Saved entries:

══════════

Lemma in_stanley_setU1 n k (p : stanley_space n) (u : mon n) :
  p.1 k = 0 -> k \notin p.2 ->
  in_stanley (p.1, k |: p.2) u = in_stanley p (set_exp k 0 u).
Proof.
move=> pk kZ; rewrite /in_stanley /=; congr andb; apply: eq_forallb => i;
  rewrite ffunE ?in_setU1; case: eqVneq => [->|] //=; by rewrite pk ?(negbTE kZ).
Qed.

Lemma sdepth_ge_add_var n (I : monset n) k d :
  sdepth_ge I d.+1 -> sdepth_ge (add_var I k) d.
Proof.
case=> D [dec dimD].
exists [seq (p.1, p.2 :\ k) | p : stanley_space n <- D & p.1 k == 0].
split => [u|_ /mapP [p + ->]].
  rewrite count_map count_filter; case: (posnP (u k)) => [uk|uk_gt0].
    rewrite (eq_in_count (a2 := fun p => in_stanley p u)); last first.
      move=> p _ /=; case: eqP => [pk|pk]; first by rewrite andbT in_stanley_setD1.
      rewrite andbF; apply/esym/negP => /andP [/forallP /(_ k)].
      by rewrite uk leqn0 => /eqP.
    have [dec_out dec_in] := dec u; split => [nIku|[Iu|]].
    - by apply: dec_out => Iu; apply: nIku; left.
    - exact: dec_in.
    - by rewrite uk.
  split => [nIku|_]; first by exfalso; apply: nIku; right.
  rewrite (eq_count (a2 := pred0)) ?count_pred0 // => p /=.
  apply/negP => /andP [pu /eqP pk]; move: uk_gt0.
  by rewrite (in_stanley_fixed _ pu) /= ?setD11 ?pk.
rewrite mem_filter => /andP [_ pD]; have := dimD p pD.
by rewrite (cardsD1 k p.2); case: (k \in p.2); rewrite ?add1n ?add0n // => /ltnW.
Qed.

Lemma stanley_space_avoids_var n (I : monset n) k D p :
  stanley_decomposition (add_var I k) D -> p \in D -> p.1 k = 0 /\ k \notin p.2.
Proof.
move=> dec pD; have avoid u : in_stanley p u -> ~ 0 < u k.
  by move=> pu uk; apply: (decomposition_avoids dec pD pu); right.
split.
  apply/eqP; rewrite -leqn0 leqNgt; apply/negP; apply: avoid.
  by rewrite /in_stanley mdiv_refl; apply/forallP => i; rewrite eqxx implybT.
apply/negP => kp; apply: (avoid (set_exp k (p.1 k).+1 p.1)); last by rewrite ffunE eqxx.
rewrite /in_stanley; apply/andP; split; apply/forallP => i; rewrite ffunE.
  by case: (eqVneq i k) => [->|].
by case: (eqVneq i k) => [->|]; rewrite ?kp ?eqxx ?implybT.
Qed.

Lemma sdepth_ge_var_free n (I : monset n) k d :
  var_free I k -> sdepth_ge (add_var I k) d -> sdepth_ge I d.+1.
Proof.
move=> freeI [D [dec dimD]].
exists [seq (p.1, k |: p.2) | p <- D]; split => [u|_ /mapP [p pD ->]].
  rewrite count_map (eq_in_count (a2 := fun p => in_stanley p (set_exp k 0 u))).
    have Ik0 : add_var I k (set_exp k 0 u) <-> I u.
      rewrite /add_var ffunE eqxx ltnn (freeI u).
      by split => [[]|] //; left.
    by have [dec_out dec_in] := dec (set_exp k 0 u); rewrite -Ik0.
  move=> p pD /=; have [pk kp] := stanley_space_avoids_var dec pD.
  exact: in_stanley_setU1.
have [_ kp] := stanley_space_avoids_var dec pD.
by rewrite cardsU1 kp add1n ltnS dimD.
Qed.

Lemma is_sdepth_var_free n (I : monset n) k d :
  var_free I k -> is_sdepth (add_var I k) d -> is_sdepth I d.+1.
Proof.
move=> freeI [ge_d not_ge_d1]; split; first exact: sdepth_ge_var_free ge_d.
by move/(sdepth_ge_add_var k).
Qed.

Lemma sdepth_ge_le_dim n (I : monset n) d :
  ~ I (mon1 n) -> sdepth_ge I d -> d <= n.
Proof.
move=> nI1 [D [dec dimD]]; have [p pD _] := decomposition_covers dec nI1.
by rewrite -[n]card_ord (leq_trans (dimD p pD)) ?max_card.
Qed.

Lemma exists_last_true (P : nat -> Prop) N : P 0 -> ~ P N -> exists d, P d /\ ~ P d.+1.
Proof.
elim: N => [|N IH] P0 nPN; first by [].
by case: (classic (P N)) => PN; [exists N | apply: IH].
Qed.

Lemma sdepth_exists n (I : monset n) :
  is_monomial_ideal I -> ~ I (mon1 n) -> exists d, is_sdepth I d.
Proof.
move=> hI nI1; apply: (@exists_last_true _ n.+1) => [|ge_n1].
  by have [D dec] := stanley_decomposition_exists hI; exists D.
by have := sdepth_ge_le_dim nI1 ge_n1; rewrite ltnn.
Qed.

Lemma extend_ideal_monomial m n (hmn : m <= n) (J : monset m) :
  is_monomial_ideal J -> is_monomial_ideal (extend_ideal hmn J).
Proof.
move=> hJ u v Ju /forallP uv; apply: hJ Ju _.
by apply/forallP => i; rewrite !ffunE.
Qed.

Lemma add_var_monomial n (I : monset n) k :
  is_monomial_ideal I -> is_monomial_ideal (add_var I k).
Proof.
move=> hI u v [Iu|uk] uv; first by left; apply: hI uv.
by right; apply: leq_trans uk (forallP uv k).
Qed.

Lemma restr_mon1 m n (hmn : m <= n) : restr hmn (mon1 n) = mon1 m.
Proof. by apply/ffunP => i; rewrite !ffunE. Qed.

Lemma extend_ideal_var_free m n (hmn : m <= n) (J : monset m) (k : 'I_n) :
  m <= k -> var_free (extend_ideal hmn J) k.
Proof.
move=> mk u; rewrite /extend_ideal.
suff -> : restr hmn (set_exp k 0 u) = restr hmn u by [].
apply/ffunP => i; rewrite !ffunE; case: eqP => // /(congr1 val) /= ik.
by move: (ltn_ord i); rewrite ik ltnNge mk.
Qed.

Theorem lemma1p2 (n m : nat) (hmn : m < n) (J : monset m)
  (hJ : is_monomial_ideal J) (hJprop : ~ J (mon1 m))
  (k : 'I_n) (hk : m <= k) :
  exists s : nat,
    is_sdepth (extend_ideal (ltnW hmn) J) s.+1 /\
    is_sdepth (add_var (extend_ideal (ltnW hmn) J) k) s.
Proof.
set I := extend_ideal (ltnW hmn) J.
have hIk : is_monomial_ideal (add_var I k).
  exact/add_var_monomial/extend_ideal_monomial.
have nIk1 : ~ add_var I k (mon1 n).
  by rewrite /add_var /I /extend_ideal restr_mon1 ffunE => -[].
have [s sdepth_s] := sdepth_exists hIk nIk1.
exists s; split => //.
exact: is_sdepth_var_free (extend_ideal_var_free _ _ hk) sdepth_s.
Qed.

══════════

From the very first line of the data through the line with "exists [seq (p.1, p.2" in it, please reproduce each line exactly and output nothing more.

Lemma in_stanley_setU1 n k (p : stanley_space n) (u : mon n) :
  p.1 k = 0 -> k \notin p.2 ->
  in_stanley (p.1, k |: p.2) u = in_stanley p (set_exp k 0 u).
Proof.
move=> pk kZ; rewrite /in_stanley /=; congr andb; apply: eq_forallb => i;
  rewrite ffunE ?in_setU1; case: eqVneq => [->|] //=; by rewrite pk ?(negbTE kZ).
Qed.

Lemma sdepth_ge_add_var n (I : monset n) k d :
  sdepth_ge I d.+1 -> sdepth_ge (add_var I k) d.
Proof.
case=> D [dec dimD].
exists [seq (p.1, p.2 :\ k) | p : stanley_space n <- D & p.1 k == 0].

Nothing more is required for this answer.